▶ **What needs to be done**
Which lines in the records below contain the word "agrees"? Copy each one out.
□ □ □ □ □ □ □
Lemma large_nonempty X : large X -> exists u, X u.
Proof.
  intros [L h].
  exists (exist (fun u => equivN u (proj1_sig s)) (upd (proj1_sig s) L) (upd_equiv _ _) : cls).
  apply h; intros x hx.
  destruct (In_nth L x x hx) as [i [hi e]].
  exists (Var i); simpl; unfold upd; rewrite nth_indep with (d' := x) by exact hi; auto.
Qed.

Lemma large_forall_lt (X : nat -> cls -> Prop) :
  (forall i, large (X i)) -> forall k, large (fun u => forall i, i < k -> X i u).
Proof.
  intros h; induction k as [|k IHk].
  - exists nil; intros; lia.
  - destruct (large_and _ _ IHk (h k)) as [L hL]; exists L; intros u hu i hi.
    destruct (hL u hu) as [hlt hk].
    destruct (Nat.eq_dec i k); [subst; auto | apply hlt; lia].
Qed.

Lemma generated_var (u : cls) n : generated u (proj1_sig u n).
Proof. exists (Var n); reflexivity. Qed.

(* x as an element of A_{\bar u}; an arbitrary junk value when u does not generate x *)
Definition to_gen (u : cls) (x : car A) : gen_car A (cls_thread u) :=
  match excluded_middle_informative (generated u x) with
  | left h => exist _ x h
  | right _ => exist _ (proj1_sig u 0) (generated_var u 0)
  end.

Lemma to_gen_val u x : generated u x -> proj1_sig (to_gen u x) = x.
Proof.
  intro h; unfold to_gen; destruct (excluded_middle_informative (generated u x));
    [auto | contradiction].
Qed.

Definition agrees (p : car gen_prod) (x : car A) : Prop := large (fun u => proj1_sig (p u) = x).

Definition agree_car : Type := {px : car gen_prod * car A | agrees (fst px) (snd px)}.

Definition agree_emb (c : agree_car) : car gen_prod := fst (proj1_sig c).
Definition agree_val (c : agree_car) : car A := snd (proj1_sig c).

Lemma agrees_diag x : agrees (fun u => to_gen u x) x.
Proof. exists [x]; intros u hu; apply to_gen_val, hu; simpl; auto. Qed.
□ □ □ □ □ □ □
▶ **Solution to the problem**
Definition agrees (p : car gen_prod) (x : car A) : Prop := large (fun u => proj1_sig (p u) = x).
Definition agree_car : Type := {px : car gen_prod * car A | agrees (fst px) (snd px)}.
Lemma agrees_diag x : agrees (fun u => to_gen u x) x.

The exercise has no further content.